**Exercise description**
Every line of the records below from the line with "- by rewrite -[(Posz" up to and including the line with "Lemma key_lt a : key p q a < q." must be reproduced exactly, and no line outside that range.
[Records for this task]
(* Let $p,q\geq2$ be relatively prime integers with $p\geq 2q-1$. Then $|L(p,q)\cap D_{p,q}^n|\leq q^{n+1}$ for every integer $n>0$, where $D_{p,q}^n$ is the set of words of length $n$ over $D_{p,q}$.
   Context: For an integer $n>1$, $A_n=\{0,1,\dots,n-1\}$. For every $d\in A_q$ let $k_d\in A_p$ be the unique element with $k_dq\equiv d\pmod p$, and set $D_{p,q}=\{a\in A_{pq}\mid a\equiv k_d\pmod p\text{ for some }d\in A_q\}$. Define $g_{p,q}:A_{pq}\times A_{pq}\to A_{pq}$ by writing $x=x_1q+x_0$, $y=y_1q+y_0$ with $x_0,y_0\in A_q$, $x_1,y_1\in A_p$ (uniquely), and $g_{p,q}(x,y)=x_0p+y_1$; and $F_{p,q}:A_{pq}^{\mathbb{Z}}\to A_{pq}^{\mathbb{Z}}$ by $F_{p,q}(c)(i)=g_{p,q}(g_{p,q}(c(i-1),c(i)),g_{p,q}(c(i),c(i+1)))$. $F_{p,q}$ is a bijection with inverse $F_{q,p}$ (same formulas with $p,q$ exchanged), so $F_{p,q}^n$ is defined for $n\in\mathbb{Z}$. The trace is $\mathrm{tr}_{p,q}(c)=(F_{p,q}^n(c)(1))_{n\in\mathbb{Z}}$, and $L(p,q)$ is the set of all finite words $u(1)\cdots u(m)$ over $A_{pq}$ such that for some $c\in A_{pq}^{\mathbb{Z}}$ and $n_0\in\mathbb{Z}$, $u(j)=\mathrm{tr}_{p,q}(c)(n_0+j)$ for $1\leq j\leq m$. *)

From mathcomp Require Import all_boot all_order all_algebra.
From mathcomp Require Import boolp.
Set Implicit Arguments. Unset Strict Implicit. Unset Printing Implicit Defensive.
Import GRing.Theory Num.Theory.
Local Open Scope ring_scope.

(* Elements of A_{pq} are represented as natural numbers; configurations
   c : Z -> A_{pq} are functions int -> nat with all values < p*q. *)

Definition g (p q : nat) (x y : nat) : nat := ((x %% q) * p + y %/ q)%N.

Definition F (p q : nat) (c : int -> nat) : int -> nat :=
  fun i => g p q (g p q (c (i - 1)) (c i)) (g p q (c i) (c (i + 1))).

(* F_{p,q}^n for n in Z; negative powers use the inverse F_{q,p}. *)
Definition Fpow (p q : nat) (n : int) (c : int -> nat) : int -> nat :=
  match n with
  | Posz k => iter k (F p q) c
  | Negz k => iter k.+1 (F q p) c
  end.

Definition tr (p q : nat) (c : int -> nat) (n : int) : nat := Fpow p q n c 1.

Definition inL (p q : nat) (u : seq nat) : Prop :=
  exists c : int -> nat, (forall i, (c i < p * q)%N) /\
  exists n0 : int, forall j : nat, (j < size u)%N ->
    nth 0%N u j = tr p q c (n0 + (j.+1)%:Z).

Definition inD (p q : nat) (a : nat) : bool :=
  [exists d : 'I_q, exists k : 'I_p,
     ((k * q == d %[mod p]) && (a == k %[mod p]))%N].

From mathcomp Require Import all_boot all_order all_algebra.
From mathcomp Require Import boolp.
From mathcomp Require Import zify.

(* A letter a in D is determined by its quotient a %/ p and its key
   ((a %% p) * q) %/ p < q: if (a %% p) * q = m * p + d with d < q, then a %% p
   is the unique k < p with k * q in [m * p, m * p + q).  Since
   F(c)(i) %% p = ((c(i) %% q) * p + c(i+1) %/ q) %/ q, the bound p >= 2q - 1
   forces the key of every letter of a trace in D to be the previous letter
   modulo q.  A word of L(p,q) over D is therefore determined by the key of its
   first letter and the quotients of its n letters by p: q^(n+1) choices. *)

Definition bounded (p q : nat) (c : int -> nat) : Prop := forall i, c i < p * q.

Lemma boundedC p q c : bounded q p c = bounded p q c.
Proof. by rewrite /bounded mulnC. Qed.

Lemma g_lt p q x y : 0 < q -> y < p * q -> g p q x y < p * q.
Proof.
move=> q_gt0 y_lt; rewrite /g.
have := ltn_pmod x q_gt0; have : y %/ q < p by rewrite ltn_divLR.
nia.
Qed.

Lemma g_gK p q w x y : 0 < p -> 0 < q -> x < p * q -> y < p * q ->
  g p q (g q p w x) (g q p x y) = x.
Proof.
move=> p_gt0 q_gt0 x_lt y_lt; rewrite /g.
have x_lt' : x %/ p < q by rewrite ltn_divLR // mulnC.
have y_lt' : y %/ p < q by rewrite ltn_divLR // mulnC.
rewrite mulnC modnMDl (modn_small x_lt') divnMDl // (divn_small y_lt') addn0.
by rewrite mulnC -divn_eq.
Qed.

Lemma F_bounded p q c : 0 < q -> bounded p q c -> bounded p q (F p q c).
Proof. by move=> q_gt0 c_lt i; rewrite /F; apply: g_lt => //; apply: g_lt. Qed.

Lemma FK p q c : 0 < p -> 0 < q -> bounded p q c -> F p q (F q p c) =1 c.
Proof.
move=> p_gt0 q_gt0 c_lt i.
have g_lt' x y : y < p * q -> g q p x y < p * q.
  by rewrite (mulnC p); apply: g_lt.
by rewrite /F GRing.subrK GRing.addrK !g_gK //; apply: g_lt'.
Qed.

Lemma Fpow_bounded p q c m : 0 < p -> 0 < q ->
  bounded p q c -> bounded p q (Fpow p q m c).
Proof.
move=> p_gt0 q_gt0 c_lt; case: m => k /=; elim: k => [|k IH] /=.
- exact: c_lt.
- exact: F_bounded.
- by rewrite -boundedC; apply: F_bounded; rewrite // boundedC.
- by rewrite -boundedC; apply: F_bounded; rewrite // boundedC.
Qed.

Lemma FpowSr p q c m : 0 < p -> 0 < q -> bounded p q c ->
  Fpow p q (m + 1)%R c =1 F p q (Fpow p q m c).
Proof.
move=> p_gt0 q_gt0 c_lt i; case: m => [k|[|k]].
- by rewrite -[(Posz k + 1)%R]/(Posz (k + 1)) addn1.
- by rewrite /= FK.
- have -> : (Negz k.+1 + 1 = Negz k)%R by lia.
  by rewrite /= FK //; exact: (Fpow_bounded _ _ _ (Negz k)).
Qed.

Definition key (p q a : nat) : nat := (a %% p) * q %/ p.

Section DigitKey.

Variables p q : nat.
Hypotheses (p_gt0 : 0 < p) (q_gt0 : 0 < q) (q_le_p : q <= p).

Lemma key_lt a : key p q a < q.
Proof. by rewrite /key ltn_divLR // mulnC ltn_pmul2l ?ltn_pmod. Qed.

Lemma inD_key_mod a : inD p q a -> (a %% p) * q %% p < q.
Proof.
case/existsP=> d /existsP[k /andP[/eqP kqE /eqP aE]].
rewrite aE (modn_small (ltn_ord k)) kqE modn_small //.
exact: leq_trans (ltn_ord d) q_le_p.
Qed.

Lemma mul_div_mod_leq x y : x * q %/ p = y * q %/ p ->
  x * q %% p < q -> x <= y.
Proof.
move=> divE x_lt; rewrite -ltnS -(ltn_pmul2r q_gt0) mulSn.
rewrite (divn_eq (x * q) p) (divn_eq (y * q) p) divE.
by rewrite addnCA ltn_add2l ltn_addr.
Qed.

Lemma inD_inj a b : inD p q a -> inD p q b ->
  key p q a = key p q b -> a %/ p = b %/ p -> a = b.
Proof.
move=> /inD_key_mod a_lt /inD_key_mod b_lt keyE divE.
rewrite (divn_eq a p) (divn_eq b p) divE; congr (_ + _).
by apply/anti_leq/andP; split; apply: mul_div_mod_leq.
Qed.

Definition trace_step : rel nat := fun a b => key p q b == a %% q.

Lemma path_inj a s t : all (inD p q) s -> all (inD p q) t ->
  path trace_step a s -> path trace_step a t ->
  map (divn^~ p) s = map (divn^~ p) t -> s = t.
Proof.
elim: s a t => [|x s IH] a [|y t] //= /andP[xD sD] /andP[yD tD].
move=> /andP[/eqP x_key x_path] /andP[/eqP y_key y_path] [xy_div st_div].
have xy : x = y by apply: inD_inj => //; rewrite x_key y_key.
by rewrite -xy in y_path *; rewrite (IH x t).
Qed.

Definition code (s : seq nat) : seq nat :=
  key p q (head 0 s) :: map (divn^~ p) s.

Lemma code_inj s t : all (inD p q) s -> all (inD p q) t ->
  sorted trace_step s -> sorted trace_step t -> code s = code t -> s = t.
Proof.
case: s t => [|x s] [|y t] //=; try by move=> _ _ _ _ /(congr1 size).
move=> /andP[xD sD] /andP[yD tD] x_path y_path [xy_key xy_div st_div].
have xy : x = y by apply: inD_inj.
by rewrite -xy in y_path *; rewrite (path_inj _ _ _ sD tD x_path y_path).
Qed.

Lemma nth_code_lt s i : all (fun a => a < p * q) s -> nth 0 (code s) i < q.
Proof.
move=> s_lt; case: i => [|i] /=; first exact: key_lt.
have [i_lt|i_ge] := ltnP i (size s); last by rewrite nth_default ?size_map.
by rewrite (nth_map 0) // ltn_divLR // mulnC (all_nthP 0 s_lt).
Qed.

End DigitKey.

Section TraceKey.

Variables p q : nat.
Hypotheses (p_gt0 : 0 < p) (q_gt0 : 0 < q) (le_2q1_p : 2 * q - 1 <= p).

Let q_le_p : q <= p. Proof. lia. Qed.

(* This is where p >= 2q - 1 is needed. *)
Lemma rounddown_mul_div a t : t < p -> (a * p + t) %/ q * q %% p < q ->
  (a * p + t) %/ q * q %/ p = a.
Proof.
move=> t_lt; set k := (a * p + t) %/ q; set m := k * q %/ p => d_lt.
have kqE := divn_eq (k * q) p; have apE := divn_eq (a * p + t) q.
have r_lt := ltn_pmod (a * p + t) q_gt0.
rewrite -/k -/m in kqE apE r_lt d_lt.
apply/anti_leq/andP; split; rewrite -ltnS -(ltn_pmul2r p_gt0) mulSn; lia.
Qed.

Lemma key_F c i : bounded p q c ->
  inD p q (F p q c i) -> key p q (F p q c i) = c i %% q.
Proof.
move=> c_lt; have t_lt : c (i + 1)%R %/ q < p by rewrite ltn_divLR.
have Fmod : F p q c i %% p = (c i %% q * p + c (i + 1)%R %/ q) %/ q.
  by rewrite /F {1}/g modnMDl modn_small // ltn_divLR // g_lt.
move=> /(inD_key_mod _ _ q_le_p); rewrite /key Fmod.
exact: rounddown_mul_div.
Qed.

Lemma key_trS c m : bounded p q c ->
  inD p q (tr p q c (m + 1)) -> key p q (tr p q c (m + 1)) = tr p q c m %% q.
Proof.
move=> c_lt; rewrite /tr FpowSr //.
by apply: key_F; apply: Fpow_bounded.
Qed.

Lemma inL_sorted u : inL p q u -> all (inD p q) u -> sorted (trace_step p q) u.
Proof.
case=> c [c_lt [n0 u_tr]] uD; apply/(sortedP 0) => j j_lt.
have j_lt' : j < size u by apply: ltnW.
have succE : (n0 + j.+2%:Z = n0 + j.+1%:Z + 1)%R by lia.
rewrite /trace_step (u_tr j.+1) // u_tr // succE; apply/eqP/key_trS => //.
by rewrite -succE -u_tr //; apply: (all_nthP 0 uD).
Qed.

End TraceKey.

Theorem lemma6 (p q : nat) (hp : 2 <= p) (hq : 2 <= q) (hcop : coprime p q)
  (hpq : 2 * q - 1 <= p) (n : nat) (hn : 0 < n) :
  #|[set u : n.-tuple 'I_(p * q) |
      all (fun a : 'I_(p * q) => inD p q a) u &&
      `[< inL p q (map (fun a : 'I_(p * q) => nat_of_ord a) u) >] ]| <= q ^ n.+1.
Proof.
have p_gt0 : 0 < p by lia.
have q_gt0 : 0 < q by lia.
have q_le_p : q <= p by lia.
set S := [set u | _].
pose word (u : n.-tuple 'I_(p * q)) := map (@nat_of_ord _) u.
pose phi u : {ffun 'I_n.+1 -> 'I_q} :=
  [ffun i : 'I_n.+1 => insubd (Ordinal q_gt0) (nth 0 (code p q (word u)) i)].
suff phi_inj : {in S &, injective phi}.
  rewrite -(card_in_imset phi_inj); apply: leq_trans (max_card _) _.
  by rewrite card_ffun !card_ord.
move=> u v; rewrite !inE => /andP[uD /asboolP uL] /andP[vD /asboolP vL].
move=> /ffunP phiE.
have codeE : code p q (word u) = code p q (word v).
  apply: (@eq_from_nth _ 0); first by rewrite /= !size_map !size_tuple.
  move=> i; rewrite /= size_map size_tuple => i_lt.
  have := congr1 val (phiE (Ordinal i_lt)).
  have word_lt w : all (fun a => a < p * q) (word w).
    by rewrite all_map; apply/allP=> a _; apply: ltn_ord.
  by rewrite !ffunE !insubdK // !unfold_in nth_code_lt.
have uD' : all (inD p q) (word u) by rewrite all_map.
have vD' : all (inD p q) (word v) by rewrite all_map.
have wordE : word u = word v.
  by apply: (code_inj _ _ q_gt0 q_le_p _ _ uD' vD') codeE; apply: inL_sorted.
exact/val_inj/(inj_map val_inj).
Qed.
[/Records for this task]
**Task response**
- by rewrite -[(Posz k + 1)%R]/(Posz (k + 1)) addn1.
- by rewrite /= FK.
- have -> : (Negz k.+1 + 1 = Negz k)%R by lia.
  by rewrite /= FK //; exact: (Fpow_bounded _ _ _ (Negz k)).
Qed.

Definition key (p q a : nat) : nat := (a %% p) * q %/ p.

Section DigitKey.

Variables p q : nat.
Hypotheses (p_gt0 : 0 < p) (q_gt0 : 0 < q) (q_le_p : q <= p).

Lemma key_lt a : key p q a < q.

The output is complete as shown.